Requirement:
Reproduce the tail of the data exactly. It starts at the line containing "have fwa : f w a by case/setIdP: aN." and runs to the last line.

── Input

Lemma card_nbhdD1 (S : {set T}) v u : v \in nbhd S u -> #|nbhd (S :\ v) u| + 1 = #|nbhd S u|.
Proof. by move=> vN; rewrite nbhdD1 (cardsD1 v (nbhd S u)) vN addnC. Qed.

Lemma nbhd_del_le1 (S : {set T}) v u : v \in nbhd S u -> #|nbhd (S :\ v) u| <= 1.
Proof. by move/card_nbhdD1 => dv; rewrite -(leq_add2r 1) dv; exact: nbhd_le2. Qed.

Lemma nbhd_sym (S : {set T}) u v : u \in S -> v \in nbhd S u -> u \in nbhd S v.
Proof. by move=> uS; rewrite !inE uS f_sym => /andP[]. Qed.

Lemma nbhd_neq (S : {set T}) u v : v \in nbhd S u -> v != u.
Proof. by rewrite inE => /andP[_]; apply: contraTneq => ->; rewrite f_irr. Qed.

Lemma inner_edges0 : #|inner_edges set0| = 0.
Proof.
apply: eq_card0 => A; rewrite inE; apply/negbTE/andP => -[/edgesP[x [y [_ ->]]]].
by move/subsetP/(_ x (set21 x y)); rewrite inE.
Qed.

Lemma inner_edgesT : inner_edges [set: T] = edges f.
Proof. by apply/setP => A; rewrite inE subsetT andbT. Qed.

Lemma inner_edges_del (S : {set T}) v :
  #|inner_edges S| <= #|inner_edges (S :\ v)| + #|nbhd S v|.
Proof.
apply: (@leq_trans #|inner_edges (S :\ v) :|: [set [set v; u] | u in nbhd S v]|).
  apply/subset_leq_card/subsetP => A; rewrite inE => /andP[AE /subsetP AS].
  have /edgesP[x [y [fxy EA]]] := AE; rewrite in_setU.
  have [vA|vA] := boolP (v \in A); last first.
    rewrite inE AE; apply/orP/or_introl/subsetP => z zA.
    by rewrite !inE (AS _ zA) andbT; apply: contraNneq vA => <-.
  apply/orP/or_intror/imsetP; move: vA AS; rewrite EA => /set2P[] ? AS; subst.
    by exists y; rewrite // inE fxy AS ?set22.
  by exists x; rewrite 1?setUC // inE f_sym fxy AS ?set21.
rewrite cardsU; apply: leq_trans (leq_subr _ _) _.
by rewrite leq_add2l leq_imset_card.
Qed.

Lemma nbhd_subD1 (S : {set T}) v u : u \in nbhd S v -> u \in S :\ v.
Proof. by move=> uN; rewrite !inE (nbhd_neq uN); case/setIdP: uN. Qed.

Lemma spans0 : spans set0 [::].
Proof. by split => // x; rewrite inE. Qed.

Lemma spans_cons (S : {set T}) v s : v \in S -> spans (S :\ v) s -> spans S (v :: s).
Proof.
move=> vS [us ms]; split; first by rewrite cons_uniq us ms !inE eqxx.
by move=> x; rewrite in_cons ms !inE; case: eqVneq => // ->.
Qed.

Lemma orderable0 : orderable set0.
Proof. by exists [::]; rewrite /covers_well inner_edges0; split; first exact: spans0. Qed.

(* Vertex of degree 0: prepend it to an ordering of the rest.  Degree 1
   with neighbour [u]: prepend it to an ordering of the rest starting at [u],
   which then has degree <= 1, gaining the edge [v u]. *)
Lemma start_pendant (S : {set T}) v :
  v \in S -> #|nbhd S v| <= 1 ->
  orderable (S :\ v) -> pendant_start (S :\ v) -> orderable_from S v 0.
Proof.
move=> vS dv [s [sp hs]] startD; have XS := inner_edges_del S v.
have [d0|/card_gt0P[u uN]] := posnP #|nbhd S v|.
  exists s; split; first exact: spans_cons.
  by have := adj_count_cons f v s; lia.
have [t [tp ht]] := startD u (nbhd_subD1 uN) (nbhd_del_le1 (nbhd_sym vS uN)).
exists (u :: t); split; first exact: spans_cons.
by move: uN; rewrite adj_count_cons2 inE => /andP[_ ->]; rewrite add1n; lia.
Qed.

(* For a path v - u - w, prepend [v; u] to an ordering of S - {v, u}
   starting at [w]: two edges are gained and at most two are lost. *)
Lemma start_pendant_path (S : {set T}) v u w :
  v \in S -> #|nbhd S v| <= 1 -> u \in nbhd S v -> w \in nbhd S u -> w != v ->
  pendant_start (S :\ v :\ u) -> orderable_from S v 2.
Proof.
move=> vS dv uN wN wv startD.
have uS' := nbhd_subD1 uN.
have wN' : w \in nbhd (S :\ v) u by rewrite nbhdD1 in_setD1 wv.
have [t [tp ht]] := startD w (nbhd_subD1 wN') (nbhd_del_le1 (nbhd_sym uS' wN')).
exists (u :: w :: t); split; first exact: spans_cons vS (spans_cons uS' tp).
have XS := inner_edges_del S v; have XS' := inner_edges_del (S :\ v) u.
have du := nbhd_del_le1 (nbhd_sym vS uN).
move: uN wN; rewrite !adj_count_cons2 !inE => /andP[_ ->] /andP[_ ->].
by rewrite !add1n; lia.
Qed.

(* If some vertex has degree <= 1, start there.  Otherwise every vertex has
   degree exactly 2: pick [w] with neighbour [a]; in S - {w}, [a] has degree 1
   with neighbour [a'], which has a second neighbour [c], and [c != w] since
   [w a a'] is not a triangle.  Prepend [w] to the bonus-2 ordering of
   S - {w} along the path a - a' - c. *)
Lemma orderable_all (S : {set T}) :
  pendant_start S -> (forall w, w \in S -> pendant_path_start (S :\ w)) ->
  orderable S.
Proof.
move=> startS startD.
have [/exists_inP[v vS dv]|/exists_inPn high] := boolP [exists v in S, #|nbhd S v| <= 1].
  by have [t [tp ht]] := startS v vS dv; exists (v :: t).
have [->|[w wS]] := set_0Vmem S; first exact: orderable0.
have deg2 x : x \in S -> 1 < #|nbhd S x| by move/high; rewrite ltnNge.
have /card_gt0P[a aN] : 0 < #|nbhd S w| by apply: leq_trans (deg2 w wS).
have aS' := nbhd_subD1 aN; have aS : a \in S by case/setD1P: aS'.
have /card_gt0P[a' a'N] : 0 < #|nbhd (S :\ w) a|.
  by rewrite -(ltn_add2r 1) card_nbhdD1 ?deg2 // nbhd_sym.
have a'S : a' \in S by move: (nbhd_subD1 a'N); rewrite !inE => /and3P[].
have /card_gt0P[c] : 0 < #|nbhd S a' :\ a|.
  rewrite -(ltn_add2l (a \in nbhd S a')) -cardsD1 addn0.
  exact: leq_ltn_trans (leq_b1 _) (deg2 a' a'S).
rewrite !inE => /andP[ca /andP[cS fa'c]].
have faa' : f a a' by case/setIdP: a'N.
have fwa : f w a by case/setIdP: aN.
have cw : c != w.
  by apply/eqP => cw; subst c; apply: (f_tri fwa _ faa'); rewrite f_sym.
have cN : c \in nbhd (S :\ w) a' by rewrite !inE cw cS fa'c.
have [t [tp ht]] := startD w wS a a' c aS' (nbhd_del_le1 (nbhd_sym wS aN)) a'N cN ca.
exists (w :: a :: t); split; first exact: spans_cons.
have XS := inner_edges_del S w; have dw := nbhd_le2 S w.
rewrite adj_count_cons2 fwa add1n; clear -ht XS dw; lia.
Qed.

────

The answer:
have fwa : f w a by case/setIdP: aN.
have cw : c != w.
  by apply/eqP => cw; subst c; apply: (f_tri fwa _ faa'); rewrite f_sym.
have cN : c \in nbhd (S :\ w) a' by rewrite !inE cw cS fa'c.
have [t [tp ht]] := startD w wS a a' c aS' (nbhd_del_le1 (nbhd_sym wS aN)) a'N cN ca.
exists (w :: a :: t); split; first exact: spans_cons.
have XS := inner_edges_del S w; have dw := nbhd_le2 S w.
rewrite adj_count_cons2 fwa add1n; clear -ht XS dw; lia.
Qed.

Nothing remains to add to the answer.